It is well-known that patients with pancreatic body/tail cancer usually have a poorer prognosis than those with pancreatic head cancer probably due to more advanced pathologic stages at initial diagnosis. To better understand the prognostic relevance and distinct tumor biology, we should compare the two subtypes of PDACs in comparable conditions such as AJCC TNM stages and pathology grade. A large cohort analysis using the National Cancer Database of the United States from 1998 to 2011 demonstrated that among 40,980 cases of resected PDAC, pancreatic head cancers had advanced tumor stage, higher nodal positivity, worse tumor grade and poorer overall survival than pancreatic body/tail cancers. A recent strictly propensity score-matched (e.g., race, gender, marital status, TMN stage and pathology grade) study including 4,571 resected T1 stage PDACs from Surveillance, Epidemiology, and End Results (SEER) database (2004–2014) provided the best evidence showing the prognostic value of tumor location in early-stage PDACs up to now. They found that patients with pancreatic head cancer had a worse prognosis compared to those with pancreatic body/tail cancers. Body/tail location was further proved to be an independent indicator for better chances of survival in T1 PDAC patients. In this sense, pancreatic body/tail cancer seems to be a less malignant phenotype as compared to pancreatic head cancer.
However, the genomic and transcriptomic profiling comparison between pancreatic head and body/tail cancers using resected PDAC samples provided the opposite results. Both Birnaum’s and Dreyer’s studies showed pancreatic body/tail cancers were associated with ‘squamous phenotype’ and presented more aggressive tumor biology such as epithelial-to-mesenchymal transition (EMT), inflammation and metabolic reprogramming. This study displayed a 2-fold higher SMAD4 mutation rate in pancreatic body/tail cancers than pancreatic head cancers among early-stage tumors (I-II). Inactivating mutation in SMAD4 does not initiate the tumor genes in PDAC but serve as secondary genetic alterations following KRAS mutation. Interestingly, SMAD4/TGF-beta signaling is involved in squamous/EMT transition in PDAC. Therefore, our results supported the previous two studies that pancreatic body/tail cancers might be more ‘squamous phenotype’ than pancreatic head cancers. We also assume that the molecular diversity between pancreatic head and body/tail cancers starts from the clonal expansion phase but not the tumor initiation.
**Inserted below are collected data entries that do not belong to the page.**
Lemma bin_log_err_step l k : (0 < l)%N -> (l <= k.*2)%N -> (4 * k.+1 <= 3 * l)%N ->
  Rabs (bin_log_err l k.+1 - bin_log_err l k) <= 3 * ((2 * INR k + 2 - INR l) / INR l) ^ 2.
Proof.
move=> l_gt0 l_le k_le.
have lR : 0 < INR l by apply: lt_0_INR; apply/ltP.
have kl : (k < l)%N by lia.
have C_gt0 := INR_bin_gt0 l k (ltnW kl).
have l_leR : INR l <= 2 * INR k.
  by have := le_INRn _ _ l_le; rewrite INR_double.
have k_leR : 4 * (INR k + 1) <= 3 * INR l.
  by have := le_INRn _ _ k_le; rewrite !mult_INR !S_INR INR_0; lra.
set y1 := (2 * INR k - INR l) / INR l.
set y2 := (2 * INR k + 2 - INR l) / INR l.
have y1_in : 0 <= y1 <= 1 / 2.
  by split; [apply: Rdiv_le_0_compat | apply/Rle_div_l]; lra.
have y2_in : 0 <= y2 <= 1 / 2.
  by split; [apply: Rdiv_le_0_compat | apply/Rle_div_l]; lra.
have ratio : (INR l - INR k) / (INR k + 1) = (1 - y1) / (1 + y2) by rewrite /y1 /y2; field; lra.
have step_eq : bin_log_err l k.+1 - bin_log_err l k = ln (1 - y1) - ln (1 + y2) + (y1 + y2).
  have p2 : 0 < 2 ^ l by apply: pow_lt; lra.
  have c_gt0 : 0 < INR 'C(l, k) / 2 ^ l by apply: Rdiv_lt_0_compat.
  have inv_gt0 : 0 < / (1 + y2) by apply: Rinv_0_lt_compat; lra.
  rewrite /bin_log_err /gauss_exponent (INR_binS l k kl) ratio S_INR.
  rewrite (_ : _ * _ / 2 ^ l = INR 'C(l, k) / 2 ^ l * (1 - y1) * / (1 + y2)); last first.
    by field; split; lra.
  set c := INR 'C(l, k) / 2 ^ l in c_gt0 *.
  rewrite (ln_mult (c * (1 - y1))) ?(ln_mult c) ?ln_Rinv; try lra; last by apply: Rmult_lt_0_compat; lra.
  by rewrite /y1 /y2; field; lra.
rewrite step_eq; apply: Rabs_le.
have := ln_one_sub_ge y1 y1_in; have := ln_one_sub_le y1 ltac:(lra).
have := ln_one_add_ge y2 ltac:(lra); have := ln_one_add_le y2 ltac:(lra).
have : y1 <= y2 by apply: Rmult_le_compat_r; [apply: Rlt_le; apply: Rinv_0_lt_compat | ]; lra.
split; nra.
Qed.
When PDAC developed to the late stages (III-IV), there was a remarkable difference in cancer genome between the two subtypes. We found significantly higher KRAS mutations (e.g., substitution, indels, and gene amplification), more enriched mutation frequencies in MAPK pathway and a lower rate of druggable genomic alterations in pancreatic body/tail cancers than pancreatic head cancers. Activating mutation of KRAS is almost ubiquitous (~ 95%) in PDAC and is an essential event in both tumor initiation and progression. Mutant KRAS drives PDAC development and promotes tumor cell proliferation via altered metabolic pathways including stimulation of glucose uptake and utilization, reprogrammed glutamine metabolism and increased autophagy. Furthermore, KRAS driver mutations lead to the activation of Wnt and MAPK pathways, which controls tumor cell proliferation, motility, metabolism and survival. The results were consistent with a large cohort study including 9,952 patients with metastasized PDAC from the Netherlands Cancer Registry (2005–2015), which demonstrated that pancreatic tail cancers had more metastatic sites and worse survival. It seems that pancreatic body/tail cancers are more biological aggressive than pancreatic head cancers as PDAC has progressed to late stage.
Besides, the genomic variant results indicated that the choice of therapy strategies could refer to tumor location as well as mutated genes. Birnbaum et al suggested checkpoint inhibitors as neoadjuvant treatment for pancreatic head cancers and anti-EGFR targeted therapies for pancreatic body/tail cancers. This study displayed a significantly lower rate of KRAS wild type in pancreatic body/tail cancers than pancreatic head cancers, indicating a low efficiency of Regorafenib, Panitumumab, and Cetuximab, which is FDA approved drugs for the treatment of colorectal cancer patients with KRAS wild type. A novel small-molecular inhibitor AMG510 targeting to a KRAS mutation G12C presented valid anti-cancer ability for patients with non-small cell lung cancer in the phase I clinical trial  and may be of help for the 100% KRAS mutated late-stage pancreatic body/tail cancers. Anti-EGFR or BRAF targeted therapies were not recommended in either pancreatic head or body/tail cancers because of the extremely low druggable mutation frequencies.
There were strengths as well as limitations in this study. This was the first study including both early and late stages PDACs and comparing the genomic profiles between pancreatic head and body/tail cancers. Thus, it is a more comprehensive comparison than the previous studies. But the sample size was rather small. Moreover, this study used ultra-deep panel sequencing to detect extremely low frequencies. But the panel was limited to 450 genes and the previously defined molecular subtypes  could not be analyzed.